Pecunia non olet giusto? Certo, sotto questi mozzichi di colonne, su e giù per questi gradini di soldi ce ne sono passati in quasi mille anni di negotium. Ma forse forse, caro Vespasiano, avevi torto- in fondo più dei marmi dei templi e dei loro dei, più dei nomi degli imperatori e dei rostri, su queste pietre è rimasta la puzza- l’odore di piscio sembra non voler abbandonare queste rovine, come un fantasma o l’eco di una metropoli dell’antichità.

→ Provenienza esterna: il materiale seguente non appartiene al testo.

Lemma tofrac_numden (f : F) : f = tofrac \n_(repr f) / tofrac \d_(repr f).
Proof.
set x := repr f.
have dn0 : tofrac \d_x != 0 :> F by rewrite tofrac_eq0 denom_ratioP.
rewrite -[LHS](mulfK dn0); congr (_ / _).
rewrite -[f in LHS]reprK -/x; unlock FracField.tofrac; rewrite !piE.
apply/eqmodP; rewrite /= FracField.equivfE /FracField.mulf /=.
by rewrite !numden_Ratio ?mulf_neq0 ?oner_eq0 ?denom_ratioP // !mulr1 mulrC.
Qed.

Lemma frac_repr (f : F) : exists p q : R, q != 0 /\ f = tofrac p / tofrac q.
Proof. by exists \n_(repr f), \d_(repr f); rewrite denom_ratioP -tofrac_numden. Qed.

Variable K : fieldType.

Lemma frac_rmorph_eq (P Q : {rmorphism F -> K}) :
  (forall p, P (tofrac p) = Q (tofrac p)) -> P =1 Q.
Proof.
by move=> PQ f; have [p [q [_ ->]]] := frac_repr f; rewrite !fmorph_div !PQ.
Qed.

Lemma frac_leibniz_eq (P : {rmorphism F -> K}) (D1 D2 : F -> K) :
  (forall f g, D1 (f * g) = D1 f * P g + P f * D1 g) ->
  (forall f g, D2 (f * g) = D2 f * P g + P f * D2 g) ->
  (forall p, D1 (tofrac p) = D2 (tofrac p)) -> D1 =1 D2.
Proof.
move=> D1M D2M D12 f; have [p [q [q0 ->]]] := frac_repr f.
have qF0 : tofrac q != 0 :> F by rewrite tofrac_eq0.
set g := _ / _; have ep : tofrac p = tofrac q * g by rewrite mulrC divfK.
have := D12 p; rewrite ep D1M D2M D12 => /addrI.
by apply: mulfI; rewrite fmorph_eq0.
Qed.

Variable phi : {rmorphism R -> K}.
Lemma Enk_S_shift n :
  Enk a b q (S n) = fun k => qnum q b * Enk a b q n k
    + Rpower q b * qnum q (INR n + a) * shift (Enk a b q n) k
    + Rpower q b * qeuler q (Enk a b q n) k
    - Rpower q b * shift (qeuler q (Enk a b q n)) k.
Proof.
  extensionality k; unfold qeuler; destruct k as [|k]; simpl shift.
  - rewrite qnum_INR by assumption; simpl Enk; simpl pow; rewrite !Rplus_0_l; field; lra.
  - change (Enk a b q (S n) (S k)) with
      (Rpower q (b + INR (S k) - 1) * qnum q (INR (S n) - INR (S k) + a) * Enk a b q n k
       + qnum q (INR (S k) + b) * Enk a b q n (S k)).
    rewrite (Rplus_comm (INR (S k)) b), (qnum_plus q hq1 b (INR (S k))).
    replace (b + INR (S k) - 1) with (b + INR k) by (rewrite S_INR; ring).
    replace (INR (S n) - INR (S k) + a) with (INR n + a + - INR k) by (rewrite !S_INR; ring).
    unfold qnum; rewrite !Rpower_plus, Rpower_Ropp.
    pose proof (Rpower_pos q (INR k)); field; split; lra.
Qed.

Lemma conv_Enk_S_qbin_coef n m :
  conv (Enk a b q (S n)) (qbin_coef q (Rpower q (INR n + a + b) * q)) m =
  qnum q (INR m + b) * conv (Enk a b q n) (qbin_coef q (Rpower q (INR n + a + b))) m.
Proof.
  set (z := Rpower q (INR n + a + b)); set (e := Enk a b q n); set (C := qbin_coef q (z * q)).
  assert (Hdil : conv e (qbin_coef q z) m = conv e C m - z * shift (conv e C) m).
  { rewrite (qbin_coef_dilate q hq0 hq1 z), conv_minus_r, conv_scal_r, conv_shift_r.
    reflexivity. }
  assert (Heuler : qnum q (INR m) * conv e (qbin_coef q z) m =
    (1 - z) / (1 - q) * shift (conv e C) m + conv (qeuler q e) C m
    - shift (conv (qeuler q e) C) m).
  { change (qnum q (INR m) * conv e (qbin_coef q z) m)
      with (qeuler q (conv e (qbin_coef q z)) m).
    rewrite qeuler_conv, qeuler_qbin_coef, qdil_qbin_coef by assumption.
    rewrite conv_scal_r, conv_shift_r, conv_minus_r, conv_shift_r; unfold C; ring. }
  assert (Hrec : conv (Enk a b q (S n)) C m =
    qnum q b * conv e C m + Rpower q b * qnum q (INR n + a) * shift (conv e C) m
    + Rpower q b * conv (qeuler q e) C m - Rpower q b * shift (conv (qeuler q e) C) m).
  { rewrite Enk_S_shift, conv_minus_l, !conv_plus_l, !conv_scal_l, !conv_shift_l.
    reflexivity. }
  rewrite Hrec, (Rplus_comm (INR m) b), (qnum_plus q hq1 b (INR m)).
  rewrite Rmult_plus_distr_r, (Rmult_assoc (Rpower q b) (qnum q (INR m))), Heuler, Hdil.
  unfold z; rewrite Rpower_plus; unfold qnum; field; lra.
Qed.
(* Let $F$ and $V$ be finite-dimensional real vector spaces in duality via a nondegenerate pairing $\langle\cdot,\cdot\rangle$, with $V$ carrying its usual topology, and let $Q$ be a positive semi-definite quadratic form on $F$. Let $\mathcal U_0$ be the family of all open subsets of half-spaces $\{\nu\in V:\langle f,\nu\rangle>a\}$ with $a>0$ and $Q(f)=0$. Let $\mathcal U_1$ be the family of all sets $$\{\nu\in V:\langle f_0,\nu\rangle>a_0,\ \langle f_1,\nu\rangle<a_1,\ \dots,\ \langle f_n,\nu\rangle<a_n\}$$ with $n\ge0$, $f_0,\dots,f_n\in F$, $a_0,\dots,a_n\in\mathbb R$, such that either $0<a_0/\sqrt{Q(f_0)}<a_i/\sqrt{Q(f_i)}$ for all $i=1,\dots,n$, or $a_0<0<a_i$ for all $i=1,\dots,n$. Then $\mathcal U_0\cup\mathcal U_1$ is a basis of the topology of $V$.
   Context: Division convention: $0/0=0$, $a/0=+\infty$ for $a>0$ and $a/0=-\infty$ for $a<0$. *)

From Stdlib Require Import Reals List.
From mathcomp Require Import all_boot.
Set Implicit Arguments.
Open Scope R_scope.

(* Finite-dimensional real vector spaces modelled in coordinates:
   F = R^m, V = R^n (vectors are functions 'I_k -> R). *)
Definition vec (k : nat) := 'I_k -> R.

Definition pairing (m n : nat) (M : 'I_m -> 'I_n -> R) (f : vec m) (v : vec n) : R :=
  \big[Rplus/0]_(i < m) \big[Rplus/0]_(j < n) (M i j * f i * v j).

Definition nondegenerate (m n : nat) (M : 'I_m -> 'I_n -> R) : Prop :=
  (forall f : vec m, (forall v : vec n, pairing M f v = 0) -> forall i, f i = 0) /\
  (forall v : vec n, (forall f : vec m, pairing M f v = 0) -> forall j, v j = 0).

Definition qform (m : nat) (S : 'I_m -> 'I_m -> R) (f : vec m) : R :=
  \big[Rplus/0]_(i < m) \big[Rplus/0]_(j < m) (S i j * f i * f j).

Definition psd (m : nat) (S : 'I_m -> 'I_m -> R) : Prop :=
  forall f : vec m, 0 <= qform S f.

Definition is_open (n : nat) (W : vec n -> Prop) : Prop :=
  forall x, W x -> exists eps, 0 < eps /\
    forall y : vec n, (forall j, Rabs (y j - x j) < eps) -> W y.

(* Extended reals for the division convention a/0 = +oo (a>0), -oo (a<0), 0/0 = 0. *)
Inductive ereal := EFin (r : R) | EPInf | EMInf.

Definition elt (x y : ereal) : Prop :=
  match x, y with
  | EFin a, EFin b => a < b
  | EMInf, EFin _ => True
  | EMInf, EPInf => True
  | EFin _, EPInf => True
  | _, _ => False
  end.

Definition ediv (a b : R) : ereal :=
  match Req_EM_T b 0 with
  | left _ =>
      match Rlt_dec 0 a with
      | left _ => EPInf
      | right _ => match Rlt_dec a 0 with left _ => EMInf | right _ => EFin 0 end
      end
  | right _ => EFin (a / b)
  end.

Definition inU0 (m n : nat) (M : 'I_m -> 'I_n -> R) (S : 'I_m -> 'I_m -> R)
  (U : vec n -> Prop) : Prop :=
  is_open U /\ exists (f : vec m) (a : R), 0 < a /\ qform S f = 0 /\
    forall nu, U nu -> pairing M f nu > a.

(* The family U_1: f_0, a_0 and the list [(f_1,a_1); ...; (f_n,a_n)] (possibly empty). *)
Definition inU1 (m n : nat) (M : 'I_m -> 'I_n -> R) (S : 'I_m -> 'I_m -> R)
  (U : vec n -> Prop) : Prop :=
  exists (f0 : vec m) (a0 : R) (l : list (vec m * R)),
    (forall nu, U nu <->
       (pairing M f0 nu > a0 /\ Forall (fun p => pairing M (fst p) nu < snd p) l)) /\
    ((elt (EFin 0) (ediv a0 (sqrt (qform S f0))) /\
      Forall (fun p => elt (ediv a0 (sqrt (qform S f0)))
                           (ediv (snd p) (sqrt (qform S (fst p))))) l)
     \/
     (a0 < 0 /\ Forall (fun p => 0 < snd p) l)).

Definition is_basis (n : nat) (B : (vec n -> Prop) -> Prop) : Prop :=
  (forall U, B U -> is_open U) /\
  (forall W, is_open W -> forall x, W x ->
     exists U, B U /\ U x /\ forall y, U y -> W y).

From Stdlib Require Import Reals List Lra Classical.
From mathcomp Require Import all_boot ssralg ssrnum matrix mxalgebra.
From mathcomp Require Import Rstruct.
Set Implicit Arguments.
Open Scope R_scope.

(* Half-spaces, hence U_1-sets, are open because linear functionals are
   continuous.  Conversely let x lie in an open set W.  If x = 0, the cell
   <0, .> > -1, |<e_j^*, .>| < e cut out by the coordinate functionals e_j^* is a
   U_1-set of the second kind.  Otherwise the functional <., x> on F either does
   not vanish on the radical of Q, and a radical vector f with <f, x> = 1 (so
   Q f = 0) gives the U_0-set {<f, .> > 1/2} /\ W; or it is the polar form
   B(., z) of some z.  Positivity forces Q z > 0 (else B(z, .) = 0 and x = 0), so
   f_0 = z / B(z, x) has Q f_0 > 0, <f_0, x> = 1, and is B-orthogonal to the
   hyperplane <., x> = 0.  The vectors g_j = e_j^* - x_j f_0 lie in that
   hyperplane, so Q(f_0 +- K g_j) = Q f_0 + K^2 Q g_j <= (1 + eps) Q f_0 for small
   K, and the cell 1 - eps < <f_0, .>, <f_0 +- K g_j, .> < 1 + eps satisfies the
   ratio condition and lies in any prescribed box around x. *)

Lemma In_enum {T : finType} (x : T) : In x (enum {: T}).
Proof.
have : x \in enum {: T} by rewrite mem_enum.
elim: (enum {: T}) => //= y s IH; rewrite inE => /orP[/eqP ->|/IH]; by [left | right].
Qed.

Lemma Rabs_sum_le k (F : 'I_k -> R) :
  Rabs (\big[Rplus/0]_(i < k) F i) <= \big[Rplus/0]_(i < k) Rabs (F i).
Proof. apply/RleP; exact: (Num.Theory.ler_norm_sum _ F xpredT). Qed.

Lemma sum_le k (F G : 'I_k -> R) :
  (forall i, F i <= G i) -> \big[Rplus/0]_(i < k) F i <= \big[Rplus/0]_(i < k) G i.
Proof. by move=> FG; apply/RleP; apply: Num.Theory.ler_sum => i _; apply/RleP. Qed.

Lemma sum_ge0 k (F : 'I_k -> R) : (forall i, 0 <= F i) -> 0 <= \big[Rplus/0]_(i < k) F i.
Proof. by move=> F0; apply/RleP; apply: Num.Theory.sumr_ge0 => i _; apply/RleP. Qed.

Lemma le_sum_term k (F : 'I_k -> R) j :
  (forall i, 0 <= F i) -> F j <= \big[Rplus/0]_(i < k) F i.
Proof.
move=> F0; rewrite (bigD1 j) //=.
rewrite -{1}(Rplus_0_r (F j)); apply: Rplus_le_compat_l.
by apply/RleP; apply: Num.Theory.sumr_ge0 => i _; apply/RleP.
Qed.

Definition vadd_scale (p : nat) (f : vec p) (c : R) (g : vec p) : vec p :=
  fun i => f i + c * g i.

Definition vscale (p : nat) (c : R) (f : vec p) : vec p := fun i => c * f i.

Definition box (q : nat) (x : vec q) (e : R) (y : vec q) : Prop :=
  forall j, Rabs (y j - x j) < e.

Section Pairing.
Variables (p q : nat) (A : 'I_p -> 'I_q -> R).

Lemma pairing_vadd_scalel f c g h :
  pairing A (vadd_scale f c g) h = pairing A f h + c * pairing A g h.
Proof.
rewrite /pairing big_distrr -big_split; apply: eq_bigr => i _.
rewrite big_distrr -big_split; apply: eq_bigr => j _ /=; rewrite /vadd_scale; ring.
Qed.

Lemma pairing_vadd_scaler f c g h :
  pairing A h (vadd_scale f c g) = pairing A h f + c * pairing A h g.
Proof.
rewrite /pairing big_distrr -big_split; apply: eq_bigr => i _.
rewrite big_distrr -big_split; apply: eq_bigr => j _ /=; rewrite /vadd_scale; ring.
Qed.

Roma è ancora una città stupenda, perché a giugno le notti sono così miti che puoi addormentarti ai Fori in tutta tranquillità, come ai tempi del Marchese del Grillo, senza temere più di tanto, e svegliarti in una mattina dorata tra le colonie di gatti che furono della Magnani. Penso a questo mentre sbadiglio e mi stiro, e che le colonne che ho di fronte, quelle del tempio di Marte Ultore, voluto da Augusto in persona, lui non fece in tempo a vederle ed io invece me le godo.
Comincio a camminare verso l’uscita dell’area archeologica, attraverso il foro di Augusto, quello di Cesare, quello di Nerva, scavalco una recinzione e sono su via dei fiori. Respiro un po’ di silenzio qui dove non c’è quasi mai stato. Guardo verso il Tevere che sta laggiù da qualche parte, nascosto dalle case degli uomini, quello era il quartiere più povero di Roma antica, la Suburra. Alla destra c’è il Colosseo, a sinistra piazza Venezia ha sepolto il Foro di Traiano.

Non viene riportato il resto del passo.